PROBLEM TO SOLVE — Look below for the lines from the one with "(* Let $R$ be" to the one with "(forall I J, is_idl", and copy exactly those lines, both ends included.

▶

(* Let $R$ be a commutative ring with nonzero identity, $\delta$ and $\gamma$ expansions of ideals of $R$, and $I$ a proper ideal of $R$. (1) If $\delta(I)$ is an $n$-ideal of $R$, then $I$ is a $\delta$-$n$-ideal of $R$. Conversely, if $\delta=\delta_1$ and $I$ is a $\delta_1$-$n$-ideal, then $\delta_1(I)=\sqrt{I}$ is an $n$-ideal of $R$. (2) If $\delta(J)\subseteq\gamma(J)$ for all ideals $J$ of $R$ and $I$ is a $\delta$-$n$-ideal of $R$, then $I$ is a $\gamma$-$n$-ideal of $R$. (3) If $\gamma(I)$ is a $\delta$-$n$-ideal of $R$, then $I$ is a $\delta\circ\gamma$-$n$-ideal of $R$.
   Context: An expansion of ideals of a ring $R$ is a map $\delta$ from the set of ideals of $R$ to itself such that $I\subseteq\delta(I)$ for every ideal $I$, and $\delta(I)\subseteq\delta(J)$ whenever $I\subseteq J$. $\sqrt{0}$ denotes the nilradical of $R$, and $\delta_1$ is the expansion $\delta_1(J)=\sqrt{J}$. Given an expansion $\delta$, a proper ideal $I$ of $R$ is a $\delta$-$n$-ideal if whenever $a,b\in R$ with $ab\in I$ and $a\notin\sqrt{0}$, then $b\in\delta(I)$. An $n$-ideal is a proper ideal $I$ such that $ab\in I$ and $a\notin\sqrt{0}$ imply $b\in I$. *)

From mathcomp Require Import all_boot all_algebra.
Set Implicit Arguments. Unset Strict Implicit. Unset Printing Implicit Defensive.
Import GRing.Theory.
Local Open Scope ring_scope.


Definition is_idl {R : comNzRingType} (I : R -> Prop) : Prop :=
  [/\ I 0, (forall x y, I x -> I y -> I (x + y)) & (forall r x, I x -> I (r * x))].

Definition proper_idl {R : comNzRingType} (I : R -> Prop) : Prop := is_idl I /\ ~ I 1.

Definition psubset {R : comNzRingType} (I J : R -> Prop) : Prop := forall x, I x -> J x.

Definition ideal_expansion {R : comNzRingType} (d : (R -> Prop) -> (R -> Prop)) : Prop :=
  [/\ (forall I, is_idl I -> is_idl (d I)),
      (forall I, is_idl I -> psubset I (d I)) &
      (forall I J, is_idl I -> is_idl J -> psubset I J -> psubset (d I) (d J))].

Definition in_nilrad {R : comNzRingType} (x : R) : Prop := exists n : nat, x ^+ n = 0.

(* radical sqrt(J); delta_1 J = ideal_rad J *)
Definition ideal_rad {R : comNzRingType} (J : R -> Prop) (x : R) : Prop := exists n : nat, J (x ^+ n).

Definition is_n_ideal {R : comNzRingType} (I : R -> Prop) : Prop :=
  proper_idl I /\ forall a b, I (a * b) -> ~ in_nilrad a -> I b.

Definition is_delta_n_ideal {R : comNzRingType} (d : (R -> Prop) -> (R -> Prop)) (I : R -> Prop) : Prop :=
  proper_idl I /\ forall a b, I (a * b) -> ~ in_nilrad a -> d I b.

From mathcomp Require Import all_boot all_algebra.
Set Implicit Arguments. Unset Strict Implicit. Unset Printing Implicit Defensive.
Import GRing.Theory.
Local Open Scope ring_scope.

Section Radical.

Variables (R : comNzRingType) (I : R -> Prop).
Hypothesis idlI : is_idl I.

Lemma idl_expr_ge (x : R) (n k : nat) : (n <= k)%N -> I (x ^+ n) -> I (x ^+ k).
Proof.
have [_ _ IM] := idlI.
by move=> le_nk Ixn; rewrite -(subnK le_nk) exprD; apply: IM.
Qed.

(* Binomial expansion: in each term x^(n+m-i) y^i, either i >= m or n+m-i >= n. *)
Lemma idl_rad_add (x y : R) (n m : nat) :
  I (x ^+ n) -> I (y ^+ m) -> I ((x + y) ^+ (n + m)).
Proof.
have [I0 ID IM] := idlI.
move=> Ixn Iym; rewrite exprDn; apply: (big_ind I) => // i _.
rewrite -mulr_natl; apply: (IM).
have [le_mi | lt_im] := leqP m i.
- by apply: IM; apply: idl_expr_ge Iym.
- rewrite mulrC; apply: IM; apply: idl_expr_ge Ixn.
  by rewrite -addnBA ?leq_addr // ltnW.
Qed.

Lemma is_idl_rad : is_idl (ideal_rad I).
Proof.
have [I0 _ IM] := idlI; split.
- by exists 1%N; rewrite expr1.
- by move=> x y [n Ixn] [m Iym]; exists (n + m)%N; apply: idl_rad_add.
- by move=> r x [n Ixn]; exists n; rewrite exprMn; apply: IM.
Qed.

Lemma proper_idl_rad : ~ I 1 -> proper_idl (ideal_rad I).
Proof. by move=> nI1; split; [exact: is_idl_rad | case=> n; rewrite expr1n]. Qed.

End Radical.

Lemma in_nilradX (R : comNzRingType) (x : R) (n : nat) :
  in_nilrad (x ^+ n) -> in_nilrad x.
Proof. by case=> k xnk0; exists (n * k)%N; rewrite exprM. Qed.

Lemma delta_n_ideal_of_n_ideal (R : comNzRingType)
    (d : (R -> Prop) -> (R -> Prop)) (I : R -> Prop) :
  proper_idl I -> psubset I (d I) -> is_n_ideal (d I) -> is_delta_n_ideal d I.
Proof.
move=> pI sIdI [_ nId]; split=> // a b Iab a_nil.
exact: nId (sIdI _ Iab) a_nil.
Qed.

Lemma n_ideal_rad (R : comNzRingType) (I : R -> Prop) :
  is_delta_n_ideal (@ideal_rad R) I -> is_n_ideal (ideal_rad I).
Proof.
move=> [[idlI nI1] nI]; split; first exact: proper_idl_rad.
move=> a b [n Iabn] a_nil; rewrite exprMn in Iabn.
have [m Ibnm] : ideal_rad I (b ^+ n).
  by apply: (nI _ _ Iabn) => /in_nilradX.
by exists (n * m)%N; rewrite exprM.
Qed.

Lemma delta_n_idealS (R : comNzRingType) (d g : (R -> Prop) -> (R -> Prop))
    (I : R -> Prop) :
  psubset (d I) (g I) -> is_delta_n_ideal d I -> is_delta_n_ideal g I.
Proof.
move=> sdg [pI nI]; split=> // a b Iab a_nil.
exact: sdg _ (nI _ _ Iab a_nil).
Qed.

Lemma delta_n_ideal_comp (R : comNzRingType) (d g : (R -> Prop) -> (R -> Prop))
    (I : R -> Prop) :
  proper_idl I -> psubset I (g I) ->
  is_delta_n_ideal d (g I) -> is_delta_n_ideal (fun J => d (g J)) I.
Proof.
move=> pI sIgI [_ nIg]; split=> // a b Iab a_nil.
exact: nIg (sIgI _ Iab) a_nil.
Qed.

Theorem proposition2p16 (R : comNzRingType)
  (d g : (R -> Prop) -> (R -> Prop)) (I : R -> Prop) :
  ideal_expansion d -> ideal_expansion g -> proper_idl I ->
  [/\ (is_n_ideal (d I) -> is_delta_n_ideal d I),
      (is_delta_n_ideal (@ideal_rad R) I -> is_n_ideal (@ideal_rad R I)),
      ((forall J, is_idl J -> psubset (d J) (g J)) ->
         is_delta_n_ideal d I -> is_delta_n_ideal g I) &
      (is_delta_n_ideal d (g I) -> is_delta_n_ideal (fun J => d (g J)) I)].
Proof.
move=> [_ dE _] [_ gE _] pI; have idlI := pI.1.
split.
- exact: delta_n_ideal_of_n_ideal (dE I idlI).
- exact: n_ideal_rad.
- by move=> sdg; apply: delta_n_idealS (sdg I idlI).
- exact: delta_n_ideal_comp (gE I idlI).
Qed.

◀
▶

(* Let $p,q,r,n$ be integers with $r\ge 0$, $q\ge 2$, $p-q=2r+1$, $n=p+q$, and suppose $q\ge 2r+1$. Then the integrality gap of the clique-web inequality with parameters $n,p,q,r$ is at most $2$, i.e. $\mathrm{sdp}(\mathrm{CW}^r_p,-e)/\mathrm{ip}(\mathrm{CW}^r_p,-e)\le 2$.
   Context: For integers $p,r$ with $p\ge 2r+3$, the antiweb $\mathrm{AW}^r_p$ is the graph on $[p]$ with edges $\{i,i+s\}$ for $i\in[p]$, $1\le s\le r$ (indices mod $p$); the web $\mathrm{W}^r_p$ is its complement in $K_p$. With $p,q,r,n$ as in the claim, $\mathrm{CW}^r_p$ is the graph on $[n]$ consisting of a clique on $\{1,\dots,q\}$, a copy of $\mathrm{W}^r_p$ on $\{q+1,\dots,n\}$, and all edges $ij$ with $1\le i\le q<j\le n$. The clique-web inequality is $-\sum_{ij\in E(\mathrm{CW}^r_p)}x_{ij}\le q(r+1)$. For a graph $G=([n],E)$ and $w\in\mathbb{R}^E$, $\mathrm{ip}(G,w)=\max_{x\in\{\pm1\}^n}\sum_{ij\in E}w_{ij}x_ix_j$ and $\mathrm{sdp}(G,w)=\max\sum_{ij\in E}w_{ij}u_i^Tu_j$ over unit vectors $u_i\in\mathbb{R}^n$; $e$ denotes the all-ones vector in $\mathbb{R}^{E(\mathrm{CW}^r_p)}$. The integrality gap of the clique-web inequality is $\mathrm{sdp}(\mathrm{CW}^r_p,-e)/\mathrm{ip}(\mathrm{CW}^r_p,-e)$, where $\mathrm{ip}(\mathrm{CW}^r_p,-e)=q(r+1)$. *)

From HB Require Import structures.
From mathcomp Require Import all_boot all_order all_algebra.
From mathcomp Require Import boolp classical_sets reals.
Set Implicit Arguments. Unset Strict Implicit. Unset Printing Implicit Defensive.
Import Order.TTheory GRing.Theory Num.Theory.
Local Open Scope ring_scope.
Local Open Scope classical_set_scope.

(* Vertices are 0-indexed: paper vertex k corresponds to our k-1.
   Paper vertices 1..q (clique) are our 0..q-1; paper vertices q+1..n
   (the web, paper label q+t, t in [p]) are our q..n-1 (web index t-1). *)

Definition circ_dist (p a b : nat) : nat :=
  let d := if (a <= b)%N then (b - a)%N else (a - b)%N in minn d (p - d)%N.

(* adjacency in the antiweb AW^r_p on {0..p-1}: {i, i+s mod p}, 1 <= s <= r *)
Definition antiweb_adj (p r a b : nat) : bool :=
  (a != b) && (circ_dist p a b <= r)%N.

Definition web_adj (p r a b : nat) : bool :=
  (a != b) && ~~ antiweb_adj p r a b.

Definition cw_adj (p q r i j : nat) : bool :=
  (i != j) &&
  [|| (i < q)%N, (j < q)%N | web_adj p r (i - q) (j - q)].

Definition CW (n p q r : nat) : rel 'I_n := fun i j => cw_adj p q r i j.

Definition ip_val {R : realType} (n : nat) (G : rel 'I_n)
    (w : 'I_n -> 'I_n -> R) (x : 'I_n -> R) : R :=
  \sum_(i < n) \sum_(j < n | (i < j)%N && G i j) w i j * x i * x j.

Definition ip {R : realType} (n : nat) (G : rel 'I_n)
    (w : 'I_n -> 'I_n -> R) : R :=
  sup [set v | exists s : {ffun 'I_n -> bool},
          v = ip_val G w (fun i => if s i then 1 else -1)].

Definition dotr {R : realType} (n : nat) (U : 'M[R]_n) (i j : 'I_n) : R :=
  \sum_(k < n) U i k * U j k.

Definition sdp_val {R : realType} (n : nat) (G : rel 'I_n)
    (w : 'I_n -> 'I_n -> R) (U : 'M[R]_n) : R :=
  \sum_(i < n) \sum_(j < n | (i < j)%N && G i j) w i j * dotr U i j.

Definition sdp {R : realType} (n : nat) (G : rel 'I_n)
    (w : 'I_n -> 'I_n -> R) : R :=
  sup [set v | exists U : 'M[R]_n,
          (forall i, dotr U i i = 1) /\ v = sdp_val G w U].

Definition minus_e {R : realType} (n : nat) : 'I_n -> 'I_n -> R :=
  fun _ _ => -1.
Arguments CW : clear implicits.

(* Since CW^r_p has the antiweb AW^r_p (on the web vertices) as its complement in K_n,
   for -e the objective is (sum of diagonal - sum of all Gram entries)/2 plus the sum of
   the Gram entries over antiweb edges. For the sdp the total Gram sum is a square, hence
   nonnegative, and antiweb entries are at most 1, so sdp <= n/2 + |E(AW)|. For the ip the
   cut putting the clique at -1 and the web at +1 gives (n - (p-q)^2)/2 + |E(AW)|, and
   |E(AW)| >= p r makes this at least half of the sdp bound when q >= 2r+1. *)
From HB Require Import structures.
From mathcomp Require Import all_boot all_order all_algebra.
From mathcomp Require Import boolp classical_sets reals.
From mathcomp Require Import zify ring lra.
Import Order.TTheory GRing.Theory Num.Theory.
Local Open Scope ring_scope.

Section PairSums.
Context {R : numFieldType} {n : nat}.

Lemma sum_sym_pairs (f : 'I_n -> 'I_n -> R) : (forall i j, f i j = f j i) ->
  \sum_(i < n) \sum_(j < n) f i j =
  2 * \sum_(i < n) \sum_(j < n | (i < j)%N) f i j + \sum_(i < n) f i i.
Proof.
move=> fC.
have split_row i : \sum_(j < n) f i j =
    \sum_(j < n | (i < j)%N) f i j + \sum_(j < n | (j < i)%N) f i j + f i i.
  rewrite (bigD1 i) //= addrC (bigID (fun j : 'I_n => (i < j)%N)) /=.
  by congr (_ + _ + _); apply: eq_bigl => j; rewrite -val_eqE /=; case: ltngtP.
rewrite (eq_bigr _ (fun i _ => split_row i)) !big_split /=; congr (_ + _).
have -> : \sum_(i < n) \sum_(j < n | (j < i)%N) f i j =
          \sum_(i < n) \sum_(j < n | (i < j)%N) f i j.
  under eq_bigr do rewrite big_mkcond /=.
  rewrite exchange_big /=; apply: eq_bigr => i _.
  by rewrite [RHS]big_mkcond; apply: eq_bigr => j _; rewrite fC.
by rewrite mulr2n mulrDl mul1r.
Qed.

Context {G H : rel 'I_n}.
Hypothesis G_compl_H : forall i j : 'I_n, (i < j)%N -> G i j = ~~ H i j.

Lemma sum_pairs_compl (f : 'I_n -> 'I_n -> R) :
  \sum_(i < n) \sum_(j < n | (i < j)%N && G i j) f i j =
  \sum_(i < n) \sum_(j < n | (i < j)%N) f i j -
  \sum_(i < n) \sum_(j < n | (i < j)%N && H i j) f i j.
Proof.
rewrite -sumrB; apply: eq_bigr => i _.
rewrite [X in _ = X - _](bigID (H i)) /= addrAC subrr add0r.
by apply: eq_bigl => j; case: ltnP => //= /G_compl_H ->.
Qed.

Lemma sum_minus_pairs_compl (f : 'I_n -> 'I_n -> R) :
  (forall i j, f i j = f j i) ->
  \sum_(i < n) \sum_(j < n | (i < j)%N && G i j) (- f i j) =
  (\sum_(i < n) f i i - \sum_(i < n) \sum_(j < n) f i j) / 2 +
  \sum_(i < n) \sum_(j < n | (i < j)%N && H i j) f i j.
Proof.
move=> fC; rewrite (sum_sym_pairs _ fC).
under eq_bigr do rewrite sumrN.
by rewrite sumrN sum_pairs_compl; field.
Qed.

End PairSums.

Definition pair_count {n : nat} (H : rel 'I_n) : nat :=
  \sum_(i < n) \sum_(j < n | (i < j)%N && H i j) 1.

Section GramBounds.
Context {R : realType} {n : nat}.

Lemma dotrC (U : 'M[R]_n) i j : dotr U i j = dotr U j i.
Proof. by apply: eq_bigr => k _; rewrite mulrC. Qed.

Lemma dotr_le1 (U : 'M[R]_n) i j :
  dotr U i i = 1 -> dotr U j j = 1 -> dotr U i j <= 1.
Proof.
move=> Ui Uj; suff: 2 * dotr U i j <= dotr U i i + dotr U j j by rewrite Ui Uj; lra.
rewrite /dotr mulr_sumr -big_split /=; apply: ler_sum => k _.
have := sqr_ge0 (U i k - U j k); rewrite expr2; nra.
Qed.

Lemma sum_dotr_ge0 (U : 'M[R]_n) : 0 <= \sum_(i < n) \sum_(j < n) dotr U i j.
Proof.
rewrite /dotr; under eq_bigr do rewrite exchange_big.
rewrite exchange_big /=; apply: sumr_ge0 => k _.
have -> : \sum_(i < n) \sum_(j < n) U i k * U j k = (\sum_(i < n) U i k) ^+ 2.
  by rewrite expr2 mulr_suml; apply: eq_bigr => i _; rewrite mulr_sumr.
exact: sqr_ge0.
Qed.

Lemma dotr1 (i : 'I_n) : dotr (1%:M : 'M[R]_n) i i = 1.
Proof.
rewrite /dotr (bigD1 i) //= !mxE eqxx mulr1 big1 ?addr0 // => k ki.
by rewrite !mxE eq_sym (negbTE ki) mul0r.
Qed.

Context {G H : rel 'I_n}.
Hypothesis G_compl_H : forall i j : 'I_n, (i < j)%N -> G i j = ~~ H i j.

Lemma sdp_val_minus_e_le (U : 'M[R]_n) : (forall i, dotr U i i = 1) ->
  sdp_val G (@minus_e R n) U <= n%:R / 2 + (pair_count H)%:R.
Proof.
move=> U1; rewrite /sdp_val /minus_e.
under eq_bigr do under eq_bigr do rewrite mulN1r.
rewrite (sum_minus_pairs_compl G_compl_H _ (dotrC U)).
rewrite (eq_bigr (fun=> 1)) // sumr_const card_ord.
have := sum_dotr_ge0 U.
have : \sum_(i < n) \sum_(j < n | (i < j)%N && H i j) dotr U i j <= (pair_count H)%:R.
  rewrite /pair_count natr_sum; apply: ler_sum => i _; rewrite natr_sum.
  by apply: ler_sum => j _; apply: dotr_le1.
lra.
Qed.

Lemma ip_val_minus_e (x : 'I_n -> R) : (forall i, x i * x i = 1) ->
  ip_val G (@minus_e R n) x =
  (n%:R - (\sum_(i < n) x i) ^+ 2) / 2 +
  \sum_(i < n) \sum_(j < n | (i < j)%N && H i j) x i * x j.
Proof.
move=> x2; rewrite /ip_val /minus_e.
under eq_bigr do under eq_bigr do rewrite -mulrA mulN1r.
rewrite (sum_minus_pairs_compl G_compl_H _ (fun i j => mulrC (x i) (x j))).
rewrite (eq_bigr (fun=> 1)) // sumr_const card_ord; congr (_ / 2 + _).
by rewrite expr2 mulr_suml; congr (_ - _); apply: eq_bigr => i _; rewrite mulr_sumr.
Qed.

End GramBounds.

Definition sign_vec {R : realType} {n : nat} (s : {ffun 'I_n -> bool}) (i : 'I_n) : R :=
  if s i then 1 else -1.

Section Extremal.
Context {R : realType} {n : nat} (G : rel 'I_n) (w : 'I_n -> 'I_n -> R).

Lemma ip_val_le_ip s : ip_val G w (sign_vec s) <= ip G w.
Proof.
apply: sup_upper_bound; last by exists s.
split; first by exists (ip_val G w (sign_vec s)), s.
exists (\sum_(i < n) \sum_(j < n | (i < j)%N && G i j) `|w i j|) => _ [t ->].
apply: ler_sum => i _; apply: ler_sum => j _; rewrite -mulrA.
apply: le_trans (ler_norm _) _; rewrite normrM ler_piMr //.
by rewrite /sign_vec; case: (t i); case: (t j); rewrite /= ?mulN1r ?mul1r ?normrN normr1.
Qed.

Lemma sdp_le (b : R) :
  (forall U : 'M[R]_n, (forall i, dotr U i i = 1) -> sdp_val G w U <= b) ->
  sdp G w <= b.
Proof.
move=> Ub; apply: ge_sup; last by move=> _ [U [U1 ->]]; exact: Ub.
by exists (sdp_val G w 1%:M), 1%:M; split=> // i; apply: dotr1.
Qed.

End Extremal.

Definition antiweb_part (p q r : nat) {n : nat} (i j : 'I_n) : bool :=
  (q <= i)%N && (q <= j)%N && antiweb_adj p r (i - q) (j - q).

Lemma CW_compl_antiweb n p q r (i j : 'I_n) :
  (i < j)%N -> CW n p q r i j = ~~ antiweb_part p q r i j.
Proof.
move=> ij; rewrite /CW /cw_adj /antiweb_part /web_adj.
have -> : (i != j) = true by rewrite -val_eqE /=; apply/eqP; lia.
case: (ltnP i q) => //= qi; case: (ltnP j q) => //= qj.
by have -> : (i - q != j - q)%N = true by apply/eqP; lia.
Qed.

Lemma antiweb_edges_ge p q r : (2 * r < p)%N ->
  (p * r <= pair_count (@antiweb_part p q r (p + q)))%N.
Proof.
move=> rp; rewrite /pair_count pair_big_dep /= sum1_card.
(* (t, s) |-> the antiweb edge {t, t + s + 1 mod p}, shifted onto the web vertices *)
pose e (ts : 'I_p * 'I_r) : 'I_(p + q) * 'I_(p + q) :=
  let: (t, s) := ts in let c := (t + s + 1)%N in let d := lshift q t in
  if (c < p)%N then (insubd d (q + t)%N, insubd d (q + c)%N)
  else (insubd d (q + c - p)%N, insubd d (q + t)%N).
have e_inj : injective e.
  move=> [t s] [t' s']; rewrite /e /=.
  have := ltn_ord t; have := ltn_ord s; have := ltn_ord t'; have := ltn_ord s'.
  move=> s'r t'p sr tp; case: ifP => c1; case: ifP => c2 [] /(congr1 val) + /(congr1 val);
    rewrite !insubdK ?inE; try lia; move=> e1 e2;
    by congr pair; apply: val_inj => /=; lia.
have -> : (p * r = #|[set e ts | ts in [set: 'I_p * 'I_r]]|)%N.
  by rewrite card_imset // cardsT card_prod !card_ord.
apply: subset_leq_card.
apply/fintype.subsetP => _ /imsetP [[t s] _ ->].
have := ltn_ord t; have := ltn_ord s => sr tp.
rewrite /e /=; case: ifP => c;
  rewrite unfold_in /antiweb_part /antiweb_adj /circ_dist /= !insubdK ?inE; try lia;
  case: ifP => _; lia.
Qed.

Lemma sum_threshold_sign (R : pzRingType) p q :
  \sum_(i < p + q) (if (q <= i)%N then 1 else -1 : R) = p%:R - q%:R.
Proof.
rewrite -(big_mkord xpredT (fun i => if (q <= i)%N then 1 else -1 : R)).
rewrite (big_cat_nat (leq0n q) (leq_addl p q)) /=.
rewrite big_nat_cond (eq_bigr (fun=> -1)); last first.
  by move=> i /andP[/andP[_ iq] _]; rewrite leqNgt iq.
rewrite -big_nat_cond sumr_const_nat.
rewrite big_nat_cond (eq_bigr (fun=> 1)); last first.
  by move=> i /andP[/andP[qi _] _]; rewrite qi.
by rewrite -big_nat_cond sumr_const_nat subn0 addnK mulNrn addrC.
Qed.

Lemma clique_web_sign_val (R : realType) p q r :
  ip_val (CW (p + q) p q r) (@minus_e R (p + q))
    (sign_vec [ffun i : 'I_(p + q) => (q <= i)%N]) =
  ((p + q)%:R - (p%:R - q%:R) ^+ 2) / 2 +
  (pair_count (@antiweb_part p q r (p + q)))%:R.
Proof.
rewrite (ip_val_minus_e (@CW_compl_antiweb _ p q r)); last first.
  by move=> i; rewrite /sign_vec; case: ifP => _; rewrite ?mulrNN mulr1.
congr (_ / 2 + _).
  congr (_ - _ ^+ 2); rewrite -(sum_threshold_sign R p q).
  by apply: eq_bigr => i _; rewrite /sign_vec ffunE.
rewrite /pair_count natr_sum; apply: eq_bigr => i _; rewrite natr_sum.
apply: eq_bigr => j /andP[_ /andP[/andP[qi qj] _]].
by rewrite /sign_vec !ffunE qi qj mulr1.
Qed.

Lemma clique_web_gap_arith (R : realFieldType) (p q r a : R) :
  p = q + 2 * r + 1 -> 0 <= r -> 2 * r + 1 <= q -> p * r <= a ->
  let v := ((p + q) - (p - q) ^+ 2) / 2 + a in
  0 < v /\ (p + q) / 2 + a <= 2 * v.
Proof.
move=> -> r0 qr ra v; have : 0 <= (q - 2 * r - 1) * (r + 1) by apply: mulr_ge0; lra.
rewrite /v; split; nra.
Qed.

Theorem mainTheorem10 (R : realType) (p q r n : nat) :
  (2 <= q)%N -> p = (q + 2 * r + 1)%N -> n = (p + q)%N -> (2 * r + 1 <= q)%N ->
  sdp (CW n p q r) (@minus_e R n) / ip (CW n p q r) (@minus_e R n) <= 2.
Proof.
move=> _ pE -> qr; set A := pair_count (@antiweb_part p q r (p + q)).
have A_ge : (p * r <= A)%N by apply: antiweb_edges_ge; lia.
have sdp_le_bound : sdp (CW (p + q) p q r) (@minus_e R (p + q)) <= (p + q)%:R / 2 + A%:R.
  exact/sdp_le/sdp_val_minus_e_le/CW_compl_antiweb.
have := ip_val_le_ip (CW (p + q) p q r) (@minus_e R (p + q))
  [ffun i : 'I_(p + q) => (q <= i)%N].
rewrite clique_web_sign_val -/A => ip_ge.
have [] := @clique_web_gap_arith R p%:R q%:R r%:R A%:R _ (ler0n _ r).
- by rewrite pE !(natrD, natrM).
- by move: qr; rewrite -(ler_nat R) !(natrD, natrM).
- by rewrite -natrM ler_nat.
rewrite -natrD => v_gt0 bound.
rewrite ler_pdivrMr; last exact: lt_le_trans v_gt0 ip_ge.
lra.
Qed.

◀

ANSWER TO THE EXERCISE —
(* Let $R$ be a commutative ring with nonzero identity, $\delta$ and $\gamma$ expansions of ideals of $R$, and $I$ a proper ideal of $R$. (1) If $\delta(I)$ is an $n$-ideal of $R$, then $I$ is a $\delta$-$n$-ideal of $R$. Conversely, if $\delta=\delta_1$ and $I$ is a $\delta_1$-$n$-ideal, then $\delta_1(I)=\sqrt{I}$ is an $n$-ideal of $R$. (2) If $\delta(J)\subseteq\gamma(J)$ for all ideals $J$ of $R$ and $I$ is a $\delta$-$n$-ideal of $R$, then $I$ is a $\gamma$-$n$-ideal of $R$. (3) If $\gamma(I)$ is a $\delta$-$n$-ideal of $R$, then $I$ is a $\delta\circ\gamma$-$n$-ideal of $R$.
   Context: An expansion of ideals of a ring $R$ is a map $\delta$ from the set of ideals of $R$ to itself such that $I\subseteq\delta(I)$ for every ideal $I$, and $\delta(I)\subseteq\delta(J)$ whenever $I\subseteq J$. $\sqrt{0}$ denotes the nilradical of $R$, and $\delta_1$ is the expansion $\delta_1(J)=\sqrt{J}$. Given an expansion $\delta$, a proper ideal $I$ of $R$ is a $\delta$-$n$-ideal if whenever $a,b\in R$ with $ab\in I$ and $a\notin\sqrt{0}$, then $b\in\delta(I)$. An $n$-ideal is a proper ideal $I$ such that $ab\in I$ and $a\notin\sqrt{0}$ imply $b\in I$. *)

From mathcomp Require Import all_boot all_algebra.
Set Implicit Arguments. Unset Strict Implicit. Unset Printing Implicit Defensive.
Import GRing.Theory.
Local Open Scope ring_scope.


Definition is_idl {R : comNzRingType} (I : R -> Prop) : Prop :=
  [/\ I 0, (forall x y, I x -> I y -> I (x + y)) & (forall r x, I x -> I (r * x))].

Definition proper_idl {R : comNzRingType} (I : R -> Prop) : Prop := is_idl I /\ ~ I 1.

Definition psubset {R : comNzRingType} (I J : R -> Prop) : Prop := forall x, I x -> J x.

Definition ideal_expansion {R : comNzRingType} (d : (R -> Prop) -> (R -> Prop)) : Prop :=
  [/\ (forall I, is_idl I -> is_idl (d I)),
      (forall I, is_idl I -> psubset I (d I)) &
      (forall I J, is_idl I -> is_idl J -> psubset I J -> psubset (d I) (d J))].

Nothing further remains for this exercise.